1. No less than 3 times per week my phone rings and I hear a recorded voice say, "Please hold for a very important message." I usually hang up, but maybe if I had "held," I might have made the list. They probably needed my take on a very important topic. And my opinion is obviously valued, because they had a recording call me! So urgent is the need of my response, they can't even wait to have a live person call me, they have a tele-bot do it.

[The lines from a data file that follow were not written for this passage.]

Lemma glue'_bounds (t : R) : b1 <= t <= a2 -> D2 - tau <= glue' t <= D1 + tau.
Proof.
  intros Ht. pose proof glue'_a2 as Ha2. unfold glue' in Ha2 |- *.
  pose proof layout. rewrite (ramp_high p1 w Hw a2), (ramp_high p2 w Hw a2) in Ha2 by lra.
  pose proof (tail'_bound t Ht) as Hgt. pose proof (tail'_bound a2 ltac:(lra)) as Hga.
  apply Rabs_le_between in Hgt. apply Rabs_le_between in Hga.
  pose proof coef_error. pose proof P_le. pose proof Q_le.
  pose proof (Rabs_pos (P - P0)). pose proof (Rabs_pos (Q - Q0)).
  pose proof (ramp_bounds p1 w t) as HS1. pose proof (ramp_bounds p2 w t) as HS2.
  assert (P * ramp p1 w t <= Rabs (P - P0) * 1) by (apply mul_le_of_bounds; lra).
  assert (Q * ramp p2 w t <= Rabs (Q - Q0) * 1) by (apply mul_le_of_bounds; lra).
  assert (P * (1 - ramp p1 w t) <= Rabs (P - P0) * 1) by (apply mul_le_of_bounds; lra).
  assert (Q * (1 - ramp p2 w t) <= Rabs (Q - Q0) * 1) by (apply mul_le_of_bounds; lra).
  unfold tau. lra.
Qed.

Lemma glue'_abs (t : R) : b1 <= t <= a2 -> Rabs (glue' t) <= (1 + Dmax) / 2.
Proof.
  intros Ht. pose proof (glue'_bounds t Ht).
  pose proof (Rmax_l D1 (- D2)) as Hm1. pose proof (Rmax_r D1 (- D2)) as Hm2. fold Dmax in Hm1, Hm2.
  apply Rabs_le. lra.
Qed.

Lemma Dmax_lt1 : Dmax < 1.
Proof. apply Rmax_lub_lt; lra. Qed.

Lemma glue'_abs_lt1 (t : R) : b1 <= t <= a2 -> Rabs (glue' t) < 1.
Proof. intros Ht. pose proof (glue'_abs t Ht). pose proof Dmax_lt1. lra. Qed.

Lemma ramp_int_on_bridge (p t : R) : b1 <= p -> b1 <= t <= a2 -> 0 <= ramp_int p w t <= L.
Proof.
  intros Hp Ht. unfold L. destruct (Rle_dec t p).
  - rewrite ramp_int_low by lra. lra.
  - pose proof (ramp_int_bounds p w Hw t ltac:(lra)). lra.
Qed.

Lemma model_ge (t : R) : b1 <= t <= a2 -> f1 b1 <= model t.
Proof.
  intros Ht. pose proof layout. pose proof model_coefs_nonpos.
  apply (ge_of_nonincreasing_derive model model' b1 a2);
    [exact Ht|intros; apply is_derive_model| | |].
  - intros x y Hxy Hy. unfold model'.
    pose proof (ramp_le p1 w Hw x y ltac:(lra)). pose proof (ramp_le p2 w Hw x y ltac:(lra)). nra.
  - unfold model. rewrite (ramp_int_low p1 w Hw b1), (ramp_int_low p2 w Hw b1) by lra. lra.
  - pose proof (coef_moment (D2 - D1) ((D2 - D1) * (a2 - c))) as Hm. fold P0 Q0 in Hm.
    unfold model. change (ramp_int p1 w a2) with X1. change (ramp_int p2 w a2) with X2.
    fold L. lra.
Qed.

Lemma glue_near_model (t : R) : b1 <= t <= a2 ->
  Rabs (glue t - model t) <= dl * (2 * L * M + K * L).
Proof.
  intros Ht. pose proof layout. pose proof coef_error. pose proof L_pos.
  replace (glue t - model t)
    with (tail t + ((P - P0) * ramp_int p1 w t + (Q - Q0) * ramp_int p2 w t))
    by (unfold glue, model; ring).
  pose proof (tail_bound t Ht).
  pose proof (ramp_int_on_bridge p1 t ltac:(lra) Ht).
  pose proof (ramp_int_on_bridge p2 t ltac:(lra) Ht).
  assert (Rabs ((P - P0) * ramp_int p1 w t) <= Rabs (P - P0) * L).
  { rewrite Rabs_mult, (Rabs_right (ramp_int _ _ _)) by lra.
    apply Rmult_le_compat_l; [apply Rabs_pos|lra]. }
  assert (Rabs ((Q - Q0) * ramp_int p2 w t) <= Rabs (Q - Q0) * L).
  { rewrite Rabs_mult, (Rabs_right (ramp_int _ _ _)) by lra.
    apply Rmult_le_compat_l; [apply Rabs_pos|lra]. }
  assert ((Rabs (P - P0) + Rabs (Q - Q0)) * L <= dl * K * L) by (apply Rmult_le_compat_r; lra).
  pose proof (Rabs_triang (tail t) ((P - P0) * ramp_int p1 w t + (Q - Q0) * ramp_int p2 w t)).
  pose proof (Rabs_triang ((P - P0) * ramp_int p1 w t) ((Q - Q0) * ramp_int p2 w t)).
  lra.
Qed.

Lemma glue_ge (t : R) : b1 <= t <= a2 -> f1 b1 / 2 <= glue t.
Proof.
  intros Ht. pose proof (model_ge t Ht). pose proof (glue_near_model t Ht) as Hnear.
  apply Rabs_le_between in Hnear. lra.
Qed.

Lemma glue_le (t : R) : b1 <= t <= a2 -> glue t <= f1 b1 + L.
Proof.
  intros Ht. destruct glue_b1 as [Hb1 _]. rewrite <- Hb1.
  assert (H : Rabs (glue t - glue b1) <= 1 * (t - b1)).
  { apply (MVT_abs_bound _ glue'); [lra| |].
    - intros x Hx. apply is_derive_glue, bridge_in. lra.
    - intros x Hx. left. apply glue'_abs_lt1. lra. }
  apply Rabs_le_between in H. unfold L. lra.
Qed.

Lemma glue_psc_left (t : R) : b1 <= t <= b1 + dl ->
  0 < N * (1 - glue' t ^ 2) - 2 * glue t * glue'' t.
Proof.
  intros Ht. pose proof layout. pose proof M_pos. pose proof L_pos.
  assert (Hg : glue t = f1 b1 + D1 * (t - b1) + tail t).
  { unfold glue. rewrite (ramp_int_low p1 w Hw t), (ramp_int_low p2 w Hw t) by lra. ring. }
  assert (Hg' : glue' t = D1 + tail' t).
  { unfold glue'. rewrite (ramp_low p1 w Hw t), (ramp_low p2 w Hw t) by lra. ring. }
  assert (Hg'' : glue'' t = cut1 t * Derive_n f1 2 t).
  { unfold glue''. rewrite tail''_near_b1, (ramp_slope_out p1 w Hw t), (ramp_slope_out p2 w Hw t)
      by lra. ring. }
  pose proof (tail_bound t ltac:(lra)) as Htail. pose proof (tail'_bound t ltac:(lra)) as Htail'.
  assert (0 <= dl * Rabs D1) by (apply Rmult_le_pos; [lra|apply Rabs_pos]).
  assert (0 <= dl * (L * M)) by (apply Rmult_le_pos; [|apply Rmult_le_pos]; lra).
  assert (0 <= dl * M) by (apply Rmult_le_pos; lra).
  rewrite Hg''. apply (Hmargin1 (glue t) (glue' t) (Derive_n f1 2 t) (cut1 t)).
  - rewrite Hg.
    replace (f1 b1 + D1 * (t - b1) + tail t - f1 b1) with (D1 * (t - b1) + tail t) by ring.
    eapply Rle_trans; [apply Rabs_triang|]. rewrite Rabs_mult, (Rabs_right (t - b1)) by lra.
    assert (Rabs D1 * (t - b1) <= Rabs D1 * dl) by (apply Rmult_le_compat_l; [apply Rabs_pos|lra]).
    lra.
  - rewrite Hg'. replace (D1 + tail' t - D1) with (tail' t) by ring. lra.
  - pose proof (Hcurv1 t Ht) as Hc1. apply Rabs_le_between' in Hc1. lra.
  - apply cut1_bounds.
Qed.

Lemma glue_psc_right (t : R) : a2 - dl <= t <= a2 ->
  0 < N * (1 - glue' t ^ 2) - 2 * glue t * glue'' t.
Proof.
  intros Ht. pose proof layout. pose proof M_pos.
  assert (Hg'' : forall x, a2 - dl <= x -> glue'' x = cut2 x * Derive_n f2 2 x).
  { intros x Hx. unfold glue''.
    rewrite tail''_near_a2, (ramp_slope_out p1 w Hw x), (ramp_slope_out p2 w Hw x) by lra. ring. }
  assert (Hslope : Rabs (glue' a2 - glue' t) <= M * (a2 - t)).
  { apply (MVT_abs_bound _ glue''); [lra| |].
    - intros x Hx. apply is_derive_glue', bridge_in. lra.
    - intros x Hx. rewrite Hg'' by lra. rewrite <- tail''_near_a2 by lra. apply tail''_bound. lra. }
  assert (Hheight_a2 : Rabs (glue a2 - glue t) <= 1 * (a2 - t)).
  { apply (MVT_abs_bound _ glue'); [lra| |].
    - intros x Hx. apply is_derive_glue, bridge_in. lra.
    - intros x Hx. left. apply glue'_abs_lt1. lra. }
  rewrite glue'_a2 in Hslope. rewrite glue_a2 in Hheight_a2.
  rewrite Hg'' by lra. apply (Hmargin2 (glue t) (glue' t) (Derive_n f2 2 t) (cut2 t)).
  - rewrite Rabs_minus_sym. assert (a2 - t <= dl) by lra. nra.
  - rewrite Rabs_minus_sym. assert (M * (a2 - t) <= M * dl) by (apply Rmult_le_compat_l; lra). nra.
  - pose proof (Hcurv2 t Ht) as Hc2. apply Rabs_le_between' in Hc2. lra.
  - apply cut2_bounds.
Qed.

Lemma glue_psc_mid (t : R) : b1 + dl <= t <= a2 - dl ->
  0 < N * (1 - glue' t ^ 2) - 2 * glue t * glue'' t.
Proof.
  intros Ht. pose proof layout. pose proof coef_error. pose proof P_le. pose proof Q_le.
  pose proof K_ge0. pose proof L_pos. pose proof bump_mass_pos.
  set (bmax := / (bump_mass * w)).
  assert (Hbmax : 0 < bmax) by (apply Rinv_0_lt_compat, Rmult_lt_0_compat; lra).
  assert (Hcurv : glue'' t <= dl * K * bmax).
  { unfold glue''. rewrite tail''_mid by lra.
    pose proof (ramp_slope_bounds p1 w Hw t) as Hb1.
    pose proof (ramp_slope_bounds p2 w Hw t) as Hb2.
    fold bmax in Hb1, Hb2.
    assert (P * ramp_slope p1 w t <= Rabs (P - P0) * bmax)
      by (apply mul_le_of_bounds; [exact Hb1|lra|apply Rabs_pos]).
    assert (Q * ramp_slope p2 w t <= Rabs (Q - Q0) * bmax)
      by (apply mul_le_of_bounds; [exact Hb2|lra|apply Rabs_pos]).
    assert ((Rabs (P - P0) + Rabs (Q - Q0)) * bmax <= dl * K * bmax)
      by (apply Rmult_le_compat_r; lra).
    lra. }
  pose proof (glue_ge t ltac:(lra)). pose proof (glue_le t ltac:(lra)).
  assert (Hprod : glue'' t * glue t <= dl * K * bmax * (f1 b1 + L))
    by (apply mul_le_of_bounds; [lra|exact Hcurv|]; apply Rmult_le_pos; [apply Rmult_le_pos|]; lra).
  pose proof (glue'_abs t ltac:(lra)) as Habs. pose proof Dmax_lt1.
  assert (Hsq : glue' t ^ 2 <= ((1 + Dmax) / 2) ^ 2).
  { rewrite <- (pow2_abs (glue' t)). apply pow_incr. split; [apply Rabs_pos|exact Habs]. }
  pose proof N_pos.
  assert (N * ((1 + Dmax) / 2) ^ 2 >= N * glue' t ^ 2) by (apply Rle_ge, Rmult_le_compat_l; lra).
  replace (dl * (2 * (f1 b1 + L) * K / (bump_mass * w))) with (2 * ((f1 b1 + L) * (dl * K * bmax)))
    in Hdl_mid by (unfold bmax; field; lra).
  lra.
Qed.

Lemma glue_psc (t : R) : b1 <= t <= a2 -> 0 < N * (1 - glue' t ^ 2) - 2 * glue t * glue'' t.
Proof.
  intros Ht. destruct (Rle_dec t (b1 + dl)); [|destruct (Rle_dec (a2 - dl) t)].
  - apply glue_psc_left. lra.
  - apply glue_psc_right. lra.
  - apply glue_psc_mid. lra.
Qed.

Lemma glue_spec : exists F : R -> R,
  smooth_in (b1 - e) (a2 + e) F /\
  (forall t, b1 - e < t <= b1 -> F t = f1 t) /\
  (forall t, a2 <= t < a2 + e -> F t = f2 t) /\
  (forall t, b1 <= t <= a2 -> 0 < F t /\ 0 < warped_scal n F t /\ l0 < Derive F t).
Proof.
  exists glue.
  split; [exact smooth_in_glue|]. split; [exact glue_left|]. split; [exact glue_right|].
  intros t Ht. pose proof (bridge_in t Ht) as Hin.
  assert (Hd1 : Derive glue t = glue' t) by (apply is_derive_unique, is_derive_glue, Hin).
  assert (Hd2 : Derive_n glue 2 t = glue'' t).
  { change (Derive (Derive glue) t = glue'' t).
    rewrite (Derive_ext_loc (Derive glue) glue' t).
    - apply is_derive_unique, is_derive_glue', Hin.
    - apply (locally_eq_in lo hi); [exact Hin|].
      intros y Hy. apply is_derive_unique, is_derive_glue, Hy. }
  pose proof (glue_ge t Ht). pose proof (glue'_bounds t Ht).
  split; [lra|]. split.
  - apply warped_scal_pos_iff; [lia|lra|]. rewrite Hd1, Hd2. apply glue_psc, Ht.
  - rewrite Hd1. lra.
Qed.

End Glue.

2. Mrs. Madeline Johnson has sent me an email requesting my help in securing her late husband's fortune from Nigeria. The poor man was killed in a plane crash, and I'm the only person she trusts on the whole Internet to help her get her hands on the $530,000,000 that he deposited in a bank there before his untimely death. Never mind the fact that she is willing to give me a third of the booty for my help, of all the possible
3. I may have been chosen the winner of the $5,000 per week for life by the Publishers' Clearing House. (They obviously have gotten wind of that best-selling novel that's lurking in the far corners of my brain.)
4. Bank of America wants to offer me an exclusive credit card deal for my non-existent business at an unbelievably low rate of interest.
5. My opinion is critical to a very important political survey regarding President Obama's performance in office.
6. A recent email has informed me that I can purchase all the Viagra hubby could ever need right here on the 'net!
If those aren't proof that I'm a very near miss for the 100 Most Powerful Women in the World, I don't know what is! However, I do have a difficult time understanding how I got beat out by the likes of Sarah Palin and Lady Gaga.
Note: I've known I was destined for greatness ever since in my youth when Smokey the Bear told me only I could prevent forest fires!